Wednesday, October 21, 2015

Why Haiti Needs New Narratives

In reading for this week, I found myself reflecting a lot about the ways in which emotions, sentimentality, can be used in ways that belie their often innocuous surface reading. In the aftermath of the Haitian earthquake, I can remember friends and family members who expressed such great sympathy of those people down there in Haiti–oh, how they MUST be suffering. In the same breath, however, it was made clear that there were proper, and improper, victims in Haiti that needed our help or did not, respectively. It was, in hindsight, an exercise in the very narratives that Ulysse claims in Haiti Needs New Narratives are some of the most destructive–a proverbial White Savior looking on in horror from Above as some bodies who were once invisible become legible in the rubble of the Earthquake while others remained beyond the view just beneath the surface, either unnoticed or overlooked. What an eye-opening revelation for me as I read for this week. I was then required, politely forced, to consider the web, with all its stickiness, of symbolic meanings that enveloped the world around that crisis; this web created a global reaction that, like my own family's, rendered some bodies important within the aftermath while others were ignored or forgotten. This rendering of legibility in the aforementioned aftermath comes stacked with power relations and operated within existing structures of privilege that allowed mostly white, mostly middle- and upper-class Western folks to decide who was worth saving, and who was not.

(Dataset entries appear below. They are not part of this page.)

(* Let $\lambda\in\mathbb{R}\setminus\{0\}$, $k\in\mathbb{Z}$, $u\in\mathbb{C}$ with $u\neq1$, and $x_1,x_2,y\in\mathbb{R}$. Then for every integer $n\ge0$, \[ FG_{n,\lambda}^{[k,c]}(x_1+x_2,y;u)=\sum_{m=0}^{n}\binom{n}{m}\sum_{r=0}^{m}S_{2,\lambda}^{(x_1)}(m,r)\,(x_2)_r\,FG_{n-m,\lambda}^{[k,c]}(0,y;u) \] and \[ FG_{n,\lambda}^{[k,s]}(x_1+x_2,y;u)=\sum_{m=0}^{n}\binom{n}{m}\sum_{r=0}^{m}S_{2,\lambda}^{(x_1)}(m,r)\,(x_2)_r\,FG_{n-m,\lambda}^{[k,s]}(0,y;u). \]
   Context: All generating functions are formal power series in $t$. For $z\in\mathbb{C}$: $(z)_{0,\lambda}=1$ and $(z)_{n,\lambda}=z(z-\lambda)\cdots(z-(n-1)\lambda)$ for $n\ge1$; $(z)_0=1$ and $(z)_r=z(z-1)\cdots(z-r+1)$ is the ordinary falling factorial. The degenerate exponential is $e_\lambda^{z}(t)=\sum_{n\ge0}(z)_{n,\lambda}\frac{t^n}{n!}$ (i.e. $(1+\lambda t)^{z/\lambda}$), and $e_\lambda(t)=e_\lambda^{1}(t)$. Also $\log_\lambda(1+t)=\frac{1}{\lambda}\big((1+t)^\lambda-1\big)$. The degenerate $\lambda$-Stirling polynomials of the second kind are defined by $\frac{(e_\lambda(t)-1)^r}{r!}e_\lambda^{x}(t)=\sum_{n\ge r}S_{2,\lambda}^{(x)}(n,r)\frac{t^n}{n!}$. The modified degenerate polyexponential function is $\mathrm{Ei}_{k,\lambda}(x)=\sum_{n\ge1}\frac{(1)_{n,\lambda}}{n^k(n-1)!}x^n$. The degenerate cosine and sine are $\cos_\lambda^{(y)}(t)=\frac{e_\lambda^{iy}(t)+e_\lambda^{-iy}(t)}{2}$ and $\sin_\lambda^{(y)}(t)=\frac{e_\lambda^{iy}(t)-e_\lambda^{-iy}(t)}{2i}$. The cosine and sine degenerate poly-Frobenius-Genocchi polynomials are defined by $\sum_{n\ge0}FG_{n,\lambda}^{[k,c]}(x,y;u)\frac{t^n}{n!}=\frac{(1-u)\mathrm{Ei}_{k,\lambda}(\log_\lambda(1+t))}{e_\lambda(t)-u}e_\lambda^{x}(t)\cos_\lambda^{(y)}(t)$ and $\sum_{n\ge0}FG_{n,\lambda}^{[k,s]}(x,y;u)\frac{t^n}{n!}=\frac{(1-u)\mathrm{Ei}_{k,\lambda}(\log_\lambda(1+t))}{e_\lambda(t)-u}e_\lambda^{x}(t)\sin_\lambda^{(y)}(t)$. *)

From HB Require Import structures.
From mathcomp Require Import all_boot all_order all_algebra.
From mathcomp Require Import reals.
From mathcomp Require Import complex.
Set Implicit Arguments. Unset Strict Implicit. Unset Printing Implicit Defensive.
Import Order.TTheory GRing.Theory Num.Theory.
Local Open Scope ring_scope.

Section FPS.
Variable F : fieldType.

(* a formal power series sum_n a n t^n is represented by a : nat -> F *)
Definition sone : nat -> F := fun n => (n == 0%N)%:R.
Definition sadd (a b : nat -> F) : nat -> F := fun n => a n + b n.
Definition ssub (a b : nat -> F) : nat -> F := fun n => a n - b n.
Definition sscale (c : F) (a : nat -> F) : nat -> F := fun n => c * a n.
Definition smul (a b : nat -> F) : nat -> F :=
  fun n => \sum_(i < n.+1) a i * b (n - i)%N.
Definition spow (a : nat -> F) (r : nat) : nat -> F := iter r (smul a) sone.
(* composition f(g(t)), meaningful when g 0 = 0 (then finite sums suffice) *)
Definition scomp (f g : nat -> F) : nat -> F :=
  fun n => \sum_(m < n.+1) f m * spow g m n.
(* multiplicative inverse of a series with a 0 != 0:
   1/(a0 + h) = sum_m (-1)^m h^m / a0^(m+1), where h = a - a0 *)
Definition sinv (a : nat -> F) : nat -> F :=
  scomp (fun m => (-1) ^+ m / (a 0%N) ^+ m.+1)
        (fun n => if n is 0%N then 0 else a n).

Definition dfall (z lam : F) (n : nat) : F := \prod_(i < n) (z - i%:R * lam).
Definition ffall (z : F) (r : nat) : F := \prod_(i < r) (z - i%:R).

Definition dexp (lam z : F) : nat -> F := fun n => dfall z lam n / n`!%:R.
(* log_lam(1+t) = ((1+t)^lam - 1)/lam, with (1+t)^lam = sum_n (lam)_n t^n/n! *)
Definition dlog (lam : F) : nat -> F :=
  fun n => if n is 0%N then 0 else ffall lam n / (lam * n`!%:R).
Definition dEi (k : int) (lam : F) : nat -> F :=
  fun n => if n is 0%N then 0
           else dfall 1 lam n / ((n%:R) ^ k * (n.-1)`!%:R).

Definition dStirling2 (lam x : F) (n r : nat) : F :=
  n`!%:R * smul (fun m => spow (ssub (dexp lam 1) sone) r m / r`!%:R)
                (dexp lam x) n.

(* common factor (1-u) Ei_{k,lam}(log_lam(1+t)) / (e_lam(t) - u) e_lam^x(t) *)
Definition FGcore (lam : F) (k : int) (u x : F) : nat -> F :=
  smul (smul (sscale (1 - u) (sinv (ssub (dexp lam 1) (sscale u sone))))
             (scomp (dEi k lam) (dlog lam)))
       (dexp lam x).
End FPS.

Section Trig.
Variable R : realType.
Local Open Scope complex_scope.
Definition dcos (lam y : R[i]) : nat -> R[i] :=
  fun n => (dexp lam ('i * y) n + dexp lam (- ('i * y)) n) / 2.
Definition dsin (lam y : R[i]) : nat -> R[i] :=
  fun n => (dexp lam ('i * y) n - dexp lam (- ('i * y)) n) / (2 * 'i).

Definition FGc (lam : R[i]) (k : int) (u x y : R[i]) (n : nat) : R[i] :=
  n`!%:R * smul (FGcore lam k u x) (dcos lam y) n.
Definition FGs (lam : R[i]) (k : int) (u x y : R[i]) (n : nat) : R[i] :=
  n`!%:R * smul (FGcore lam k u x) (dsin lam y) n.
End Trig.

From HB Require Import structures.
From mathcomp Require Import all_boot all_order all_algebra.
From mathcomp Require Import reals complex ring.
Set Implicit Arguments. Unset Strict Implicit. Unset Printing Implicit Defensive.
Import Order.TTheory GRing.Theory Num.Theory.
Local Open Scope ring_scope.

(* Both generating functions are (prefactor) * e_lam^x(t) * (trigonometric
   factor), so only the factor e_lam^(x1+x2)(t) = e_lam^x1(t) e_lam^x2(t)
   changes with x.  Expanding e_lam^x2(t) = (1 + (e_lam(t) - 1))^x2 binomially
   gives sum_r (x2)_r (e_lam(t) - 1)^r / r!, and multiplying by e_lam^x1(t)
   turns (e_lam(t) - 1)^r / r! into the Stirling polynomials S2^(x1)(m, r).
   The binomial expansion is checked for natural x2, where it is the binomial
   theorem for (e_lam(t))^x2, and extends to all x2 because both sides are
   polynomials in x2.  Identities between series are proved coefficientwise by
   comparing with truncations, which are ordinary polynomials. *)

Lemma big_ord_widen_eq0 (V : nmodType) m n (G : nat -> V) :
  (m <= n)%N -> (forall i, (m <= i)%N -> G i = 0) ->
  \sum_(i < m) G i = \sum_(i < n) G i.
Proof.
move=> le_mn G0; rewrite (big_ord_widen _ _ le_mn) big_mkcond /=.
by apply: eq_bigr => i _; case: ltnP => // /G0 ->.
Qed.

Section TruncatedSeries.
Variable F : fieldType.
Implicit Types (a b c : nat -> F) (p q : {poly F}).

Definition agree n a p := forall m, (m <= n)%N -> a m = p`_m.

Definition trunc n a : {poly F} := \poly_(i < n.+1) a i.

Lemma agree_trunc n a : agree n a (trunc n a).
Proof. by move=> m le_mn; rewrite coef_poly ltnS le_mn. Qed.

Lemma agree1 n : agree n (sone F) 1.
Proof. by move=> m _; rewrite coef1. Qed.

Lemma agreeB n a b p q : agree n a p -> agree n b q -> agree n (ssub a b) (p - q).
Proof. by move=> ap bq m le_mn; rewrite coefB /ssub ap ?bq. Qed.

Lemma agreeM n a b p q : agree n a p -> agree n b q -> agree n (smul a b) (p * q).
Proof.
move=> ap bq m le_mn; rewrite /smul coefM; apply: eq_bigr => i _.
have le_im : (i <= m)%N by rewrite -ltnS.
by rewrite ap ?bq ?(leq_trans (leq_subr _ _) le_mn) ?(leq_trans le_im le_mn).
Qed.

Lemma agreeX n a p r : agree n a p -> agree n (spow a r) (p ^+ r).
Proof.
move=> ap; elim: r => [|r IH]; first exact: agree1.
by rewrite exprS; apply: agreeM.
Qed.

Lemma eq_smul a a' b b' : a =1 a' -> b =1 b' -> smul a b =1 smul a' b'.
Proof. by move=> aa' bb' n; apply: eq_bigr => i _; rewrite aa' bb'. Qed.

Lemma smulC a b : smul a b =1 smul b a.
Proof.
move=> n; have tr := @agree_trunc n.
by rewrite (agreeM (tr a) (tr b)) ?(agreeM (tr b) (tr a)) // mulrC.
Qed.

Lemma smulA a b c : smul a (smul b c) =1 smul (smul a b) c.
Proof.
move=> n; have tr := @agree_trunc n.
rewrite (agreeM (tr a) (agreeM (tr b) (tr c))) //.
by rewrite (agreeM (agreeM (tr a) (tr b)) (tr c)) // mulrA.
Qed.

Lemma smulr1 a : smul a (sone F) =1 a.
Proof.
move=> n; have tr := @agree_trunc n.
by rewrite (agreeM (tr a) (@agree1 n)) // mulr1 -tr.
Qed.

Lemma spow_coef_eq0 a r m : a 0%N = 0 -> (m < r)%N -> spow a r m = 0.
Proof.
move=> a0; elim: r m => [|r IH] m //= lt_mr.
apply: big1 => -[[|i] lt_im] _ /=; first by rewrite a0 mul0r.
rewrite IH ?mulr0 // ltn_subLR; last by rewrite -ltnS.
by rewrite addSn ltnS -ltnS (leq_trans lt_mr) // ltnS leq_addl.
Qed.

Lemma fact_smul a b n :
  n`!%:R * smul a b n =
  \sum_(m < n.+1) 'C(n, m)%:R * (m`!%:R * a m) * ((n - m)`!%:R * b (n - m)%N).
Proof.
rewrite mulr_sumr; apply: eq_bigr => m _.
have le_mn : (m <= n)%N by rewrite -ltnS.
by rewrite -(bin_fact le_mn) !natrM; ring.
Qed.

End TruncatedSeries.

Section DegenerateFalling.
Variable F : fieldType.

Lemma dfallS (z lam : F) n : dfall z lam n.+1 = dfall z lam n * (z - n%:R * lam).
Proof. by rewrite /dfall big_ord_recr. Qed.

Lemma dfallD (z w lam : F) n : dfall (z + w) lam n =
  \sum_(m < n.+1) 'C(n, m)%:R * dfall z lam m * dfall w lam (n - m).
Proof.
elim: n => [|n IH]; first by rewrite big_ord1 /dfall !big_ord0 !mulr1.
(* z + w - n lam = (z - m lam) + (w - (n - m) lam) splits each term in two *)
have split_term (m : 'I_n.+1) :
    'C(n, m)%:R * dfall z lam m * dfall w lam (n - m) * (z + w - n%:R * lam) =
    'C(n, m)%:R * dfall z lam m.+1 * dfall w lam (n - m)
    + 'C(n, m)%:R * dfall z lam m * dfall w lam (n - m).+1.
  have le_mn : (m <= n)%N by rewrite -ltnS.
  by rewrite !dfallS natrB //; ring.
rewrite dfallS IH mulr_suml (eq_bigr _ (fun m _ => split_term m)) big_split /=.
rewrite [RHS]big_ord_recl /= subn0.
under [X in _ = _ + X]eq_bigr => i _ do rewrite /bump /= add1n binS natrD subSS !mulrDl.
rewrite big_split /= [RHS]addrA [RHS]addrC; congr (_ + _).
rewrite [in RHS]big_ord_recr /= (bin_small (ltnSn n)) !mul0r addr0.
rewrite [LHS]big_ord_recl /= subn0 !bin0; congr (_ + _).
by apply: eq_bigr => i _; rewrite /bump /= add1n subnSK.
Qed.

Lemma ffallE (z : F) r : ffall z r = dfall z 1 r.
Proof. by apply: eq_bigr => i _; rewrite mulr1. Qed.

Definition dfall_poly (lam : F) n : {poly F} := \prod_(i < n) ('X - (i%:R * lam)%:P).

Lemma horner_dfall_poly (lam z : F) n : (dfall_poly lam n).[z] = dfall z lam n.
Proof. by rewrite horner_prod; apply: eq_bigr => i _; rewrite hornerXsubC. Qed.

End DegenerateFalling.

Section DegenerateExponential.
Variable F : numFieldType.
Implicit Types (a b : nat -> F) (p q : {poly F}).

Lemma fact_neq0 n : (n`!%:R : F) != 0.
Proof. by rewrite pnatr_eq0 -lt0n fact_gt0. Qed.

Lemma dfallE (z lam : F) n : dfall z lam n = n`!%:R * dexp lam z n.
Proof. by rewrite /dexp mulrC divfK ?fact_neq0. Qed.

Lemma dexpD (lam z w : F) : dexp lam (z + w) =1 smul (dexp lam z) (dexp lam w).
Proof.
move=> n; apply: (mulfI (fact_neq0 n)).
rewrite fact_smul -dfallE dfallD; apply: eq_bigr => m _.
by rewrite -!dfallE.
Qed.

Lemma dexp0 (lam : F) : dexp lam 0 =1 sone F.
Proof.
move=> [|n]; first by rewrite /dexp /dfall big_ord0 divr1.
by rewrite /dexp /dfall big_ord_recl /= mul0r subrr !mul0r.
Qed.

Lemma dexp_natr (lam : F) (N : nat) : dexp lam N%:R =1 spow (dexp lam 1) N.
Proof.
elim: N => [|N IH]; first exact: dexp0.
by move=> n; rewrite -add1n natrD dexpD; apply: eq_smul.
Qed.

Definition dexpm1 (lam : F) : nat -> F := ssub (dexp lam 1) (sone F).

Lemma dexpm1_0 (lam : F) : dexpm1 lam 0%N = 0.
Proof. by rewrite /dexpm1 /ssub /dexp /dfall big_ord0 divr1 subrr. Qed.

Lemma ffall_natr (N r : nat) : ffall (N%:R : F) r = (N ^_ r)%:R.
Proof.
elim: r => [|r IH]; first by rewrite /ffall big_ord0 ffactn0.
rewrite /ffall big_ord_recr /= -/(ffall _ _) IH ffactnSr natrM.
case: (leqP r N) => [le_rN | lt_Nr]; first by rewrite natrB.
by rewrite ffact_small // !mul0r.
Qed.

Lemma dexp_binomial_natr (lam : F) (N m : nat) :
  dexp lam N%:R m = \sum_(r < m.+1) ffall N%:R r / r`!%:R * spow (dexpm1 lam) r m.
Proof.
rewrite dexp_natr (agreeX N (@agree_trunc _ m (dexp lam 1)) (leqnn m)).
set P := trunc m (dexp lam 1).
have agree_dexpm1 : agree m (dexpm1 lam) (P - 1).
  by apply: agreeB; [apply: agree_trunc | apply: agree1].
rewrite -[P](subrK 1) exprD1n coef_sum.
under eq_bigr => r _ do rewrite coefMn -(agreeX r agree_dexpm1 (leqnn m)).
have binE r : ffall N%:R r / r`!%:R * spow (dexpm1 lam) r m =
              spow (dexpm1 lam) r m *+ 'C(N, r).
  by rewrite ffall_natr -bin_ffact natrM mulfK ?fact_neq0 // mulr_natl.
under [RHS]eq_bigr => r _ do rewrite binE.
pose G r := spow (dexpm1 lam) r m *+ 'C(N, r).
rewrite (@big_ord_widen_eq0 _ _ (m.+1 + N.+1) G) ?leq_addl //; last first.
  by move=> r lt_Nr; rewrite /G bin_small ?mulr0n.
rewrite [RHS](@big_ord_widen_eq0 _ _ (m.+1 + N.+1) G) ?leq_addr //.
by move=> r lt_mr; rewrite /G spow_coef_eq0 ?dexpm1_0 ?mul0rn.
Qed.

Lemma horner_natr_inj p q : (forall N : nat, p.[N%:R] = q.[N%:R]) -> p = q.
Proof.
move=> pq; apply/eqP; rewrite -subr_eq0; apply/eqP.
apply: (@roots_geq_poly_eq0 _ _ [seq i%:R | i <- iota 0 (size (p - q))]).
- by apply/allP => _ /mapP[i _ ->]; rewrite /root !hornerE pq subrr.
- by rewrite map_inj_uniq ?iota_uniq // => i j /eqP; rewrite eqr_nat => /eqP.
- by rewrite size_map size_iota.
Qed.

Lemma dexp_binomial (lam x : F) m :
  dexp lam x m = \sum_(r < m.+1) ffall x r / r`!%:R * spow (dexpm1 lam) r m.
Proof.
pose lhs := dfall_poly lam m * (m`!%:R^-1)%:P.
pose rhs := \sum_(r < m.+1) dfall_poly 1 r * (spow (dexpm1 lam) r m / r`!%:R)%:P.
have lhsE z : lhs.[z] = dexp lam z m by rewrite hornerM hornerC horner_dfall_poly.
have rhsE z : rhs.[z] = \sum_(r < m.+1) ffall z r / r`!%:R * spow (dexpm1 lam) r m.
  rewrite horner_sum; apply: eq_bigr => r _.
  by rewrite hornerM hornerC horner_dfall_poly -ffallE mulrA mulrAC.
have lhs_rhs : lhs = rhs.
  by apply: horner_natr_inj => N; rewrite lhsE rhsE dexp_binomial_natr.
by rewrite -lhsE lhs_rhs rhsE.
Qed.

Lemma dStirling2E (lam x : F) m r :
  dStirling2 lam x m r = m`!%:R / r`!%:R * smul (spow (dexpm1 lam) r) (dexp lam x) m.
Proof.
rewrite /dStirling2 -mulrA; congr (_ * _).
by rewrite mulr_sumr; apply: eq_bigr => i _; rewrite mulrAC mulrC.
Qed.

Lemma dfallD_dStirling2 (lam x z : F) m :
  dfall (x + z) lam m = \sum_(r < m.+1) dStirling2 lam x m r * ffall z r.
Proof.
have expand (i : 'I_m.+1) : dexp lam z i =
    \sum_(r < m.+1) ffall z r / r`!%:R * spow (dexpm1 lam) r i.
  rewrite dexp_binomial (@big_ord_widen_eq0 _ i.+1 m.+1
    (fun r => ffall z r / r`!%:R * spow (dexpm1 lam) r i)) //.
  by move=> r lt_ir; rewrite spow_coef_eq0 ?dexpm1_0 ?mulr0.
rewrite dfallE addrC dexpD /smul.
under eq_bigr => i _ do rewrite expand mulr_suml.
rewrite exchange_big mulr_sumr; apply: eq_bigr => r _ /=.
rewrite dStirling2E /smul !mulr_sumr mulr_suml; apply: eq_bigr => i _.
by ring.
Qed.

Lemma fact_smul_dexpD (lam x z : F) a b n :
  n`!%:R * smul (smul a (dexp lam (x + z))) b n =
  \sum_(m < n.+1) 'C(n, m)%:R *
    \sum_(r < m.+1) dStirling2 lam x m r * ffall z r *
      ((n - m)`!%:R * smul (smul a (dexp lam 0)) b (n - m)).
Proof.
have drop_dexp0 : smul (smul a (dexp lam 0)) b =1 smul a b.
  by apply: eq_smul => // k; rewrite (eq_smul (frefl a) (dexp0 lam)) smulr1.
have dexp_first : smul (smul a (dexp lam (x + z))) b n =
                  smul (dexp lam (x + z)) (smul a b) n.
  by rewrite smulA; apply: eq_smul (smulC _ _) (frefl b) n.
rewrite dexp_first fact_smul; apply: eq_bigr => m _.
by rewrite drop_dexp0 -dfallE dfallD_dStirling2 -mulrA mulr_suml.
Qed.

End DegenerateExponential.

Local Open Scope complex_scope.

Theorem theorem6 (R : realType) (lam : R) (k : int) (u : R[i]) (x1 x2 y : R) :
  lam != 0 -> u != 1 ->
  forall n : nat,
    FGc lam%:C k u (x1 + x2)%:C y%:C n =
      \sum_(m < n.+1) 'C(n, m)%:R *
        \sum_(r < m.+1) dStirling2 lam%:C x1%:C m r * ffall x2%:C r *
          FGc lam%:C k u 0 y%:C (n - m)
    /\
    FGs lam%:C k u (x1 + x2)%:C y%:C n =
      \sum_(m < n.+1) 'C(n, m)%:R *
        \sum_(r < m.+1) dStirling2 lam%:C x1%:C m r * ffall x2%:C r *
          FGs lam%:C k u 0 y%:C (n - m).
Proof.
(* No assumption on lam or u is needed: only the factor e_lam^x(t) depends on x. *)
move=> _ _ n; rewrite rmorphD /FGc /FGcore.
by split; apply: fact_smul_dexpD.
Qed.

Thus, I was thinking within Ahmed's conception of a cultural politics of emotion in which emotional reaction, depending on to whom the emotions belong, are valued in such a way as to become globally realized, extending the power to make decisions about the legibility of others, however temporarily, to you. As I think about the readings for this week more, I am faced with another of my own senses of implication. It is amazing, now that I have the experience and time, to look about to those narratives and see myself as part of that (privileged) affective community that "mourned" those lost in the earthquake, even though I did not necessarily have the ability at that time to enact my new-found global sense of humanitarian "responsibility." But, I do remember feeling badly about those poor children without being able to understand that so much more was happening just beneath the narrative surface. I, nonetheless, am implicated in what is now an historical (temporal) point in time where the operations of global structures of power made things seem so intimate–and, for some, they were–and yet so removed from the situation that mourning could happen by us good white-folks from the comfort of our homes, lamenting the conditions of those poor people while sipping sweet tea from a mason jar. For perhaps the first time this semester, I have seen myself as part of this global economy, though I now have the language to attempt to resist its enveloping stickiness. It seems that capitalism, which is something that has been touched on by my classmates, is partly responsible, but it cannot be all. Racism, too, seems to be so instrumental in these narratives, but as you look for the instances where racism lives, you see that gender comes into the fold as well. Thus all of these narratives of Haiti, all of the political ramifications of affect and emotion, show the multi-layeredness of these global situations. It is inescapable, then, the implications of Haiti narratives for those of us who did not feel badly for all Haitian, but for some; who ignored the suffering of so many because they did not seem worthy of even the shallowest of sympathies; who remember wanting to be able to help, but not enough to ask Haitians what actually needed to be done; who wanted to see themselves as saviors of people, but only certain ones. It has been a lot to think about.